A Polícia Legislativa do Senado vai investigar se alguém entrou com uma câmera na sala-cofre da CPMI do INSS, onde ficam armazenados os arquivos das quebras de sigilo de Daniel Vorcaro, dono do Banco Master.
O anúncio foi feito nesta terça-feira (17) pelo senador Carlos Viana (Podemos-MG), presidente da comissão, que apontou imagens como evidência de que alguém teria fotografado as telas dos computadores da sala protegida.
A investigação foi anunciada um dia após o ministro André Mendonça, do STF, proibir o acesso ao material guardado na sala-cofre da CPMI — medida tomada para preservar o sigilo dos conteúdos relacionados a Vorcaro.

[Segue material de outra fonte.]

Lemma sum_t_before (F : nat -> R) (j : nat) :
  \sum_(1 <= i < l.+1 | (t i < j)%N) F i = \sum_(1 <= i < (acount t l j).+1) F i.
Proof.
have a_le_l := acount_leq t l j.
have before i : (1 <= i <= l)%N -> (t i < j)%N = (i <= acount t l j)%N.
  exact: incr_ltn_count.
rewrite big_mkcond (big_cat_nat _ (n := (acount t l j).+1)) //= ?ltnS //.
rewrite [X in _ + X]big_nat_cond [X in _ + X]big1 ?addr0 => [|i /andP[i_in _]].
  by apply: eq_big_nat => i i_in; rewrite before ?ifT //; lia.
by rewrite before ?ifN //; lia.
Qed.

Lemma sum_coef_t_before (j : nat) :
  \sum_(1 <= i < l.+1 | (t i < j)%N) coef i =
  h (t 1%N) - h (text t l r (acount t l j).+1)
    + \sum_(1 <= i < l.+1 | (t i < j)%N) delta (t i).
Proof.
have a_le_l := acount_leq t l j.
have text_t i : (1 <= i <= l)%N -> text t l r i = t i.
  by move=> i_in; rewrite /text ifN //; lia.
rewrite !sum_t_before big_split /=; congr (_ + _).
rewrite (@telescope_sumr_eq _ _ _ (fun i => - h (text t l r i))) => [|//|i i_in].
  by rewrite [text t l r 1]text_t // opprK addrC.
by rewrite [text t l r i]text_t ?opprK 1?addrC //; lia.
Qed.

Section AtLadderPoint.
Variables (z : R) (x : nat -> R) (j : nat).
Hypothesis ladder : ladder_point m pi h eps z x j.

Lemma t_terms_ge :
  h (t 1%N) - h (text t l r (acount t l j).+1)
    + \sum_(1 <= i < l.+1 | (t i < j)%N) delta (t i)
  <= \sum_(1 <= i < l.+1) coef i * x (t i).
Proof.
have [_ _ _ x_before [_ [x01 _]]] := ladder.
rewrite -sum_coef_t_before [leRHS](bigID (fun i => (t i < j)%N)) /= -[leLHS]addr0.
apply: lerD.
- rewrite big_nat_cond [leRHS]big_nat_cond; apply: ler_sum => i /andP[i_in ti_lt].
  by rewrite x_before ?mulr1 //; have := t_range i_in; lia.
- rewrite big_nat_cond; apply: sumr_ge0 => i /andP[i_in _]; apply: mulr_ge0.
  + by have := delta_ge i_in; rewrite /coef; lra.
  + by have [] := x01 (t i) ltac:(have := t_range i_in; lia).
Qed.

Lemma knapsack_tail :
  Fsum pi j - pi j + \sum_(1 <= i < v.+1 | (j < q i)%N) pi (q i) * x (q i) <= eps.
Proof.
have [j_in _ xj0 x_before [_ [x01 knapsack]]] := ladder.
apply: le_trans knapsack.
rewrite [leRHS](big_cat_nat _ (n := j)) /= ?[X in _ <= _ + X]big_ltn ?ltnS; try lia.
rewrite xj0 mulr0 add0r.
have -> : Fsum pi j - pi j = \sum_(1 <= i < j) pi i * x i.
  rewrite /Fsum big_nat_recr /= ?addrK; last by lia.
  by apply: eq_big_nat => i i_in; rewrite x_before ?mulr1.
rewrite lerD2l -(big_map q (fun k => (j < k)%N) (fun k => pi k * x k)) -big_filter.
apply: ler_sum_uniq_nat => [||k k_in].
- rewrite filter_uniq // map_inj_in_uniq ?iota_uniq // => a b.
  by rewrite !mem_index_iota !ltnS; apply: incr_inj.
- move=> k; rewrite mem_filter => /andP[j_lt /mapP[i]].
  by rewrite !mem_index_iota ltnS => /q_range qi_in k_eq; lia.
- have k_range : (1 <= k <= m)%N by lia.
  have [[pi_gt0 _] [x_ge0 _]] := (pi_bounds k_range, x01 k k_range).
  exact: mulr_ge0 (ltW pi_gt0) x_ge0.
Qed.

Lemma q_tail_terms_ge :
  h (text t l r (acount t l j).+1) - h j
    - \sum_(1 <= i < l.+1 | (t i < j)%N) delta (t i)
    - (if inQ q v j then phi j else 0)
  <= \sum_(1 <= i < v.+1 | (j < q i)%N) phi (q i) * (1 - x (q i)).
Proof.
have [j_in _ _ _ [_ [x01 _]]] := ladder.
have [beta [beta_ge0 [betaA [betaN dual]]]] := beta_exists j_in.
have m_gt0 : 0 < m%:R :> R by rewrite ltr0n; lia.
have mpi_gt0 i : (1 <= i <= v)%N -> 0 < m%:R * pi (q i).
  by move=> /q_range i_in; rewrite mulr_gt0 //; case: (pi_bounds (i := q i)) => //; lia.
apply: (multiplier_bound (P := fun i => (j < q i)%N) (A := A j)
  (phi := fun i => phi (q i)) (w := fun i => pi (q i)) (x := fun i => x (q i))
  m_gt0 beta_ge0 _ _ _ knapsack_tail dual) => i; rewrite mem_index_iota ltnS => i_in jq.
- move=> Ai; have := betaA i i_in Ai jq.
  by rewrite ler_pdivrMr ?mpi_gt0 // [_ * (_ * _)]mulrCA mulrA.
- move=> NAi; have := betaN i i_in NAi jq.
  by rewrite ler_pdivlMr ?mpi_gt0 // [_ * (_ * _)]mulrCA mulrA.
- have qi_range : (1 <= q i <= m)%N by have := q_range i_in; lia.
  by have [x_ge0 x_le1] := x01 (q i) qi_range; apply/andP.
Qed.

Lemma q_terms_ge_tail :
  (if inQ q v j then phi j else 0)
    + \sum_(1 <= i < v.+1 | (j < q i)%N) phi (q i) * (1 - x (q i))
  <= \sum_(1 <= i < v.+1) phi (q i) * (1 - x (q i)).
Proof.
have [_ _ xj0 _ [_ [x01 _]]] := ladder.
have term_ge0 i : (1 <= i <= v)%N -> 0 <= phi (q i) * (1 - x (q i)).
  move=> i_in; rewrite mulr_ge0 ?phi_ge0 // subr_ge0.
  by have [] := x01 (q i) ltac:(have := q_range i_in; lia).
rewrite [leRHS](bigID (fun i => (j < q i)%N)) /= addrC lerD2r.
case: ifP => [/hasP[i0 i0_in /eqP qi0] | _]; last first.
  by rewrite big_nat_cond sumr_ge0 // => i /andP[/term_ge0].
have i0_range : (1 <= i0 <= v)%N by move: i0_in; rewrite mem_iota; lia.
rewrite big_mkcond (bigD1_seq i0) ?iota_uniq ?mem_index_iota ?ltnS //=.
rewrite qi0 ltnn xj0 subr0 mulr1 lerDl big_seq_cond sumr_ge0 // => i /andP[].
by rewrite mem_index_iota => i_in _; case: ifP => // _; apply: term_ge0.
Qed.

Lemma ladder_point_valid : h (t 1%N) <= ineq_lhs coef (fun i => phi (q i)) t q l v z x.
Proof.
have [_ hj_le_z _ _ _] := ladder.
have := t_terms_ge; have := q_tail_terms_ge; have := q_terms_ge_tail.
rewrite /ineq_lhs; lra.
Qed.

End AtLadderPoint.

End ValidityAtLadderPoints.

Em entrevista ao programa Roda Viva, da TV Cultura, Viana foi direto: “As imagens dos computadores, que foram veiculadas pela imprensa, mostram que alguém entrou com uma câmera. Lá há um detector de metais, pelo qual os parlamentares também precisam passar. Os celulares ficam do lado de fora da sala. É proibido entrar com celular.”

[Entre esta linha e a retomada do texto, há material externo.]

(* Let $\{b_n\}_{n\ge1}$ be a sequence of non-zero complex numbers with finite exponent of convergence and genus $p\ge1$, and let $a>0$ be real with $a+b_n\neq0$ for all $n$. Then for every $z\in\mathbb C$, $$\sum_{n=1}^\infty\sum_{j=1}^p\frac{(-1)^j}{j}a^j\Big(\frac{z^j}{(a+b_n)^j}-\frac{(1+z)^j}{b_n^j}+\frac1{b_n^j}\Big)=\sum_{k=1}^pE^p_k(a)z^k,$$ where $E^p_k(a)=\sum_{n=1}^\infty\Big(\frac{(-1)^k}{k}\frac{a^k}{(a+b_n)^k}-\sum_{j=k}^p\frac{(-1)^j}{j}\binom jk\frac{a^j}{b_n^j}\Big)$, all series being convergent.
   Context: For a sequence $\{b_n\}$ of non-zero complex numbers with only accumulation point $\infty$ (ordered by modulus), the exponent of convergence is $\limsup_n\log n/\log|b_n|$ and the genus $p$ is its integer part, i.e. the least integer $p\ge0$ with $\sum_n|b_n|^{-p-1}<\infty$. *)

From Stdlib Require Import Reals.
From Coquelicot Require Import Coquelicot.
Open Scope R_scope.

(* Sequences are indexed from 0: [b n] stands for the paper's b_{n+1}. *)

Definition admissible_seq (b : nat -> C) : Prop :=
  (forall n, b n <> 0%C) /\
  (forall n, Cmod (b n) <= Cmod (b (S n))) /\
  is_lim_seq (fun n => Cmod (b n)) p_infty.

(* Exponent of convergence: limsup_n log n / log |b_n|  (n starting at 1). *)
Definition exponent_of_convergence (b : nat -> C) : Rbar :=
  LimSup_seq (fun n => ln (INR (S n)) / ln (Cmod (b n))).

Definition finite_exponent (b : nat -> C) : Prop :=
  is_finite (exponent_of_convergence b).

Definition summable_pow (b : nat -> C) (q : nat) : Prop :=
  ex_series (fun n => / (Cmod (b n)) ^ q).

Definition genus_is (b : nat -> C) (p : nat) : Prop :=
  summable_pow b (S p) /\ forall q, (q < p)%nat -> ~ summable_pow b (S q).

Definition csum (m p : nat) (f : nat -> C) : C := sum_n_m f m p.

Definition coef (a : R) (j : nat) : C := RtoC ((-1) ^ j / INR j * a ^ j).

Definition lhs_term (p : nat) (a : R) (b : nat -> C) (z : C) (n : nat) : C :=
  csum 1 p (fun j => Cmult (coef a j)
     (Cplus (Cminus (Cdiv (pow_n z j) (pow_n (Cplus (RtoC a) (b n)) j))
                    (Cdiv (pow_n (Cplus 1 z) j) (pow_n (b n) j)))
            (Cinv (pow_n (b n) j)))).

Definition E_term (p : nat) (a : R) (b : nat -> C) (k : nat) (n : nat) : C :=
  Cminus (Cdiv (coef a k) (pow_n (Cplus (RtoC a) (b n)) k))
         (csum k p (fun j => Cmult (RtoC (Binomial.C j k))
                                   (Cdiv (coef a j) (pow_n (b n) j)))).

Na segunda-feira (16), Mendonça havia bloqueado com urgência o acesso à sala-cofre e determinado que a PF retirasse seus equipamentos — decisão que expôs a existência de mensagens íntimas de Vorcaro nos arquivos e que agora leva a CPMI a investigar como aquele conteúdo vazou. Saiba mais sobre o bloqueio da sala-cofre.

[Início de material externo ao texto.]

(* Let $V(r)=r^{-6}-2r^{-3}$. There exists $A_3>0$ such that for every $A>A_3$, every minimizer $y_A\ge1$ of $y\mapsto E_V(0,y,A)$ on $[1,\infty)$ satisfies $$X_1(A)^{1/3}\le y_A\le X_2(A)^{1/3},$$ where $$X_{1,2}(A)=\frac{2\zeta_{\mathbb Z^2}(6)A^3\mp\sqrt{4\zeta_{\mathbb Z^2}(6)^2A^6-32A^4+8\zeta_{\mathbb Z^2}(12)A^2}}{4}.$$ In particular, $\lim_{A\to\infty}y_A=+\infty$, and there exists $C>0$ such that $y_A\le CA$ for all $A>A_3$.
   Context: For $A>0$, $x\in\mathbb R$, $y>0$, $E_{f}(x,y,A)=\sum_{m,n} f\left(A\left[\frac1y(m+xn)^2+yn^2\right]\right)$, where $\sum_{m,n}$ denotes summation over all $(m,n)\in\mathbb Z^2\setminus\{(0,0)\}$; $E_V(0,y,A)$, $y\ge1$, is the energy of the rectangular lattice $\mathbb Z(\sqrt{A/y},0)\oplus\mathbb Z(0,\sqrt{Ay})$. $\zeta_{\mathbb Z^2}(s)=\sum_{m,n}(m^2+n^2)^{-s/2}$. *)

From Stdlib Require Import Reals Lra ZArith ClassicalEpsilon.
Open Scope R_scope.

Definition sq_partial (g : Z -> Z -> R) (N : nat) : R :=
  sum_f_R0 (fun i =>
    sum_f_R0 (fun j =>
      let m := (Z.of_nat i - Z.of_nat N)%Z in
      let n := (Z.of_nat j - Z.of_nat N)%Z in
      if andb (Z.eqb m 0) (Z.eqb n 0) then 0 else g m n) (2 * N)) (2 * N).

(* The lattice sum  sum_{(m,n) in Z^2 \ {0}} g m n, defined as the limit of
   the square partial sums (all sums used here are absolutely convergent,
   so this is the usual value). *)
Definition lattice_sum (g : Z -> Z -> R) : R :=
  epsilon (inhabits 0) (fun l => Un_cv (sq_partial g) l).

Definition E_f (f : R -> R) (x y A : R) : R :=
  lattice_sum (fun m n =>
    f (A * ( / y * (IZR m + x * IZR n) ^ 2 + y * (IZR n) ^ 2))).

Definition V (r : R) : R := / r ^ 6 - 2 * / r ^ 3.

(* zeta_{Z^2}(s) for s = 2k even: sum (m^2+n^2)^{-k} *)
Definition zeta_Z2_even (k : nat) : R :=
  lattice_sum (fun m n => / (IZR m ^ 2 + IZR n ^ 2) ^ k).

Definition zeta6 : R := zeta_Z2_even 3.
Definition zeta12 : R := zeta_Z2_even 6.

Definition X1 (A : R) : R :=
  (2 * zeta6 * A ^ 3
   - sqrt (4 * zeta6 ^ 2 * A ^ 6 - 32 * A ^ 4 + 8 * zeta12 * A ^ 2)) / 4.
Definition X2 (A : R) : R :=
  (2 * zeta6 * A ^ 3
   + sqrt (4 * zeta6 ^ 2 * A ^ 6 - 32 * A ^ 4 + 8 * zeta12 * A ^ 2)) / 4.

Definition is_minimizer (A y : R) : Prop :=
  1 <= y /\ forall y', 1 <= y' -> E_f V 0 y A <= E_f V 0 y' A.

(* Write E_V(0,y,A) = A^-6 P_6(y) - 2 A^-3 P_3(y) with P_k(y) = sum (m^2/y + y n^2)^-k.
   For y >= 1 the two terms (m,n) = (±1,0) give P_k(y) >= 2 y^k, and
   m^2/y + y n^2 >= (m^2+n^2)/y gives P_k(y) <= zeta(2k) y^k.  Comparing a minimizer y
   with the competitor A^(1/3) then yields, for X = y^3, the quadratic inequality
   2X^2 - 2 zeta(6) A^3 X + 4A^4 - zeta(12) A^2 <= 0, so X lies between its roots
   X_1(A) and X_2(A); the same inequality bounds X below by roughly 2A/zeta(6) and above
   by (zeta(6) + zeta(12)/2) A^3.  All lattice sums converge: their square partial sums
   are monotone and dominated by those of 3/((1+m^2)(1+n^2)). *)

From Stdlib Require Import Reals Lra Lia Psatz ZArith Bool.
From Stdlib Require Import ClassicalEpsilon FunctionalExtensionality.
Open Scope R_scope.

Definition sq_term (g : Z -> Z -> R) (N i j : nat) : R :=
  if andb (Z.eqb (Z.of_nat i - Z.of_nat N) 0) (Z.eqb (Z.of_nat j - Z.of_nat N) 0)
  then 0 else g (Z.of_nat i - Z.of_nat N)%Z (Z.of_nat j - Z.of_nat N)%Z.

Lemma sq_partial_terms g N :
  sq_partial g N = sum_f_R0 (fun i => sum_f_R0 (sq_term g N i) (2 * N)) (2 * N).
Proof. reflexivity. Qed.

Lemma sq_term_shift g N i j : sq_term g (S N) (S i) (S j) = sq_term g N i j.
Proof.
  unfold sq_term.
  replace (Z.of_nat (S i) - Z.of_nat (S N))%Z with (Z.of_nat i - Z.of_nat N)%Z by lia.
  replace (Z.of_nat (S j) - Z.of_nat (S N))%Z with (Z.of_nat j - Z.of_nat N)%Z by lia.
  reflexivity.
Qed.

Lemma sq_term_ind (P : R -> Prop) g N i j : P 0 ->
  (forall m n, (m <> 0 \/ n <> 0)%Z -> P (g m n)) -> P (sq_term g N i j).
Proof.
  intros H0 Hg. unfold sq_term. destruct (andb _ _) eqn:E; [exact H0|].
  apply Hg. apply andb_false_iff in E.
  destruct E as [E|E]; [left|right]; apply Z.eqb_neq, E.
Qed.

Definition nonneg_off_origin (g : Z -> Z -> R) : Prop :=
  forall m n, (m <> 0 \/ n <> 0)%Z -> 0 <= g m n.

Definition lattice_summable (g : Z -> Z -> R) : Prop :=
  Un_cv (sq_partial g) (lattice_sum g).

Lemma sq_partial_le g h N :
  (forall m n, (m <> 0 \/ n <> 0)%Z -> g m n <= h m n) ->
  sq_partial g N <= sq_partial h N.
Proof.
  intros Hgh. rewrite !sq_partial_terms.
  apply sum_Rle; intros i _; apply sum_Rle; intros j _.
  unfold sq_term. destruct (andb _ _) eqn:E; [lra|].
  apply Hgh. apply andb_false_iff in E.
  destruct E as [E|E]; [left|right]; apply Z.eqb_neq, E.
Qed.

Lemma sum_f_R0_lin (u v : nat -> R) a b n :
  sum_f_R0 (fun j => a * u j + b * v j) n = a * sum_f_R0 u n + b * sum_f_R0 v n.
Proof. induction n as [|n IH]; simpl; [|rewrite IH]; ring. Qed.

Lemma sq_partial_lin a b g h N :
  sq_partial (fun m n => a * g m n + b * h m n) N =
  a * sq_partial g N + b * sq_partial h N.
Proof.
  rewrite !sq_partial_terms, <- sum_f_R0_lin.
  apply sum_eq; intros i _. rewrite <- sum_f_R0_lin.
  apply sum_eq; intros j _. unfold sq_term. destruct (andb _ _); ring.
Qed.

Lemma sq_partial_scal c g N :
  sq_partial (fun m n => c * g m n) N = c * sq_partial g N.
Proof.
  transitivity (sq_partial (fun m n => c * g m n + 0 * g m n) N).
  - f_equal. do 2 (apply functional_extensionality; intro). ring.
  - rewrite sq_partial_lin. ring.
Qed.

Lemma sum_f_R0_peel (f : nat -> R) k :
  sum_f_R0 f (S (S k)) = f 0%nat + sum_f_R0 (fun i => f (S i)) k + f (S (S k)).
Proof. rewrite tech5, decomp_sum by lia. simpl pred. ring. Qed.

(* The square of side 2N+3 is that of side 2N+1 plus its border, whose terms are nonnegative. *)
Lemma sq_partial_incr g N :
  nonneg_off_origin g -> sq_partial g N <= sq_partial g (S N).
Proof.
  intros Hg. rewrite !sq_partial_terms.
  replace (2 * S N)%nat with (S (S (2 * N))) by lia.
  assert (Hterm : forall i j, 0 <= sq_term g (S N) i j).
  { intros; apply sq_term_ind; [lra | exact Hg]. }
  assert (Hrow : forall i, 0 <= sum_f_R0 (sq_term g (S N) i) (S (S (2 * N)))).
  { intros; apply cond_pos_sum; auto. }
  rewrite sum_f_R0_peel.
  enough (sum_f_R0 (fun i => sum_f_R0 (sq_term g N i) (2 * N)) (2 * N) <=
          sum_f_R0 (fun i => sum_f_R0 (sq_term g (S N) (S i)) (S (S (2 * N)))) (2 * N))
    by (generalize (Hrow 0%nat) (Hrow (S (S (2 * N)))); lra).
  apply sum_Rle; intros i _. rewrite sum_f_R0_peel.
  assert (Hinner : sum_f_R0 (fun j => sq_term g (S N) (S i) (S j)) (2 * N) =
                   sum_f_R0 (sq_term g N i) (2 * N))
    by (apply sum_eq; intros; apply sq_term_shift).
  generalize (Hterm (S i) 0%nat) (Hterm (S i) (S (S (2 * N)))); lra.
Qed.

Lemma lattice_sum_spec g l : Un_cv (sq_partial g) l -> lattice_sum g = l.
Proof.
  intros Hl. apply (UL_sequence (sq_partial g)); [|exact Hl].
  unfold lattice_sum. apply epsilon_spec. exists l; exact Hl.
Qed.

Lemma lattice_summable_bounded g B :
  nonneg_off_origin g -> (forall N, sq_partial g N <= B) -> lattice_summable g.
Proof.
  intros Hg HB. destruct (growing_cv (sq_partial g)) as [l Hl].
  - intro N; apply sq_partial_incr, Hg.
  - exists B. intros x [N ->]. apply HB.
  - unfold lattice_summable. rewrite (lattice_sum_spec g l Hl). exact Hl.
Qed.

Lemma sq_partial_le_lattice_sum g N :
  nonneg_off_origin g -> lattice_summable g -> sq_partial g N <= lattice_sum g.
Proof.
  intros Hg Hs. apply growing_ineq; [intro; apply sq_partial_incr, Hg | exact Hs].
Qed.

Lemma lattice_summable_le g h :
  nonneg_off_origin g -> nonneg_off_origin h -> lattice_summable h ->
  (forall m n, (m <> 0 \/ n <> 0)%Z -> g m n <= h m n) ->
  lattice_summable g /\ lattice_sum g <= lattice_sum h.
Proof.
  intros Hg Hh Hs Hgh.
  assert (Hgs : lattice_summable g).
  { apply (lattice_summable_bounded g (lattice_sum h) Hg). intros N.
    apply Rle_trans with (sq_partial h N);
      [apply sq_partial_le, Hgh | apply sq_partial_le_lattice_sum; assumption]. }
  split; [exact Hgs|].
  exact (Rle_cv_lim (fun N => sq_partial_le g h N Hgh) Hgs Hs).
Qed.

Lemma Un_cv_scal c u l : Un_cv u l -> Un_cv (fun N => c * u N) (c * l).
Proof.
  intros Hu. apply CV_mult; [|exact Hu].
  intros e He. exists 0%nat. intros. unfold R_dist. rewrite Rminus_diag, Rabs_R0. lra.
Qed.

Lemma lattice_summable_scal c g :
  lattice_summable g ->
  lattice_summable (fun m n => c * g m n) /\
  lattice_sum (fun m n => c * g m n) = c * lattice_sum g.
Proof.
  intros Hg.
  assert (Hcv : Un_cv (sq_partial (fun m n => c * g m n)) (c * lattice_sum g)).
  { replace (sq_partial (fun m n => c * g m n)) with (fun N => c * sq_partial g N)
      by (apply functional_extensionality; intro N; symmetry; apply sq_partial_scal).
    apply Un_cv_scal, Hg. }
  unfold lattice_summable. rewrite (lattice_sum_spec _ _ Hcv). auto.
Qed.

Lemma lattice_sum_lin a b g h :
  lattice_summable g -> lattice_summable h ->
  lattice_sum (fun m n => a * g m n + b * h m n) = a * lattice_sum g + b * lattice_sum h.
Proof.
  intros Hg Hh. apply lattice_sum_spec.
  replace (sq_partial (fun m n => a * g m n + b * h m n))
    with (fun N => a * sq_partial g N + b * sq_partial h N)
    by (apply functional_extensionality; intro N; symmetry; apply sq_partial_lin).
  apply CV_plus; apply Un_cv_scal; assumption.
Qed.

Lemma axis_le_lattice_sum g :
  nonneg_off_origin g -> lattice_summable g -> g (-1)%Z 0%Z + g 1%Z 0%Z <= lattice_sum g.
Proof.
  intros Hg Hs. apply Rle_trans with (sq_partial g 1);
    [|apply sq_partial_le_lattice_sum; assumption].
  assert (H1 : sq_partial g 1 =
    g (-1)%Z (-1)%Z + g (-1)%Z 0%Z + g (-1)%Z 1%Z + g 0%Z (-1)%Z + g 0%Z 1%Z
    + g 1%Z (-1)%Z + g 1%Z 0%Z + g 1%Z 1%Z)
    by (rewrite sq_partial_terms; simpl; unfold sq_term; simpl; ring).
  rewrite H1.
  assert (0 <= g (-1)%Z (-1)%Z) by (apply Hg; lia).
  assert (0 <= g (-1)%Z 1%Z) by (apply Hg; lia).
  assert (0 <= g 0%Z (-1)%Z) by (apply Hg; lia).
  assert (0 <= g 0%Z 1%Z) by (apply Hg; lia).
  assert (0 <= g 1%Z (-1)%Z) by (apply Hg; lia).
  assert (0 <= g 1%Z 1%Z) by (apply Hg; lia).
  lra.
Qed.

Definition inv_norm_pow (k : nat) (m n : Z) : R := / (IZR m ^ 2 + IZR n ^ 2) ^ k.

Definition inv_one_plus_sq (m : Z) : R := / (1 + IZR m ^ 2).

A suspeita de que dados sigilosos de Vorcaro chegaram indevidamente à imprensa já havia levado Mendonça a abrir um inquérito na Polícia Federal — investigação que agora pode convergir com a apuração sobre a câmera na sala-cofre. Leia sobre o inquérito no STF.
Com a interdição determinada pelo STF, Viana afirmou que pretende negociar com Mendonça quais partes das quebras de sigilo de Vorcaro poderão ser devolvidas à comissão para dar continuidade às investigações.
Dias antes, Viana havia negado qualquer vazamento e defendido que a comissão sempre atuou dentro dos limites legais — posição que ganhou nova dimensão com a suspeita de que alguém entrou com câmera na sala protegida. Veja a declaração anterior de Viana.
O futuro da própria CPMI também está em aberto. O senador disse não ter recebido sinalização do presidente do Senado, Davi Alcolumbre (União-AP), sobre a prorrogação dos trabalhos. A comissão já entrou com pedido no STF para estender suas atividades por mais 60 dias além do prazo atual, que se encerra em 28 de março.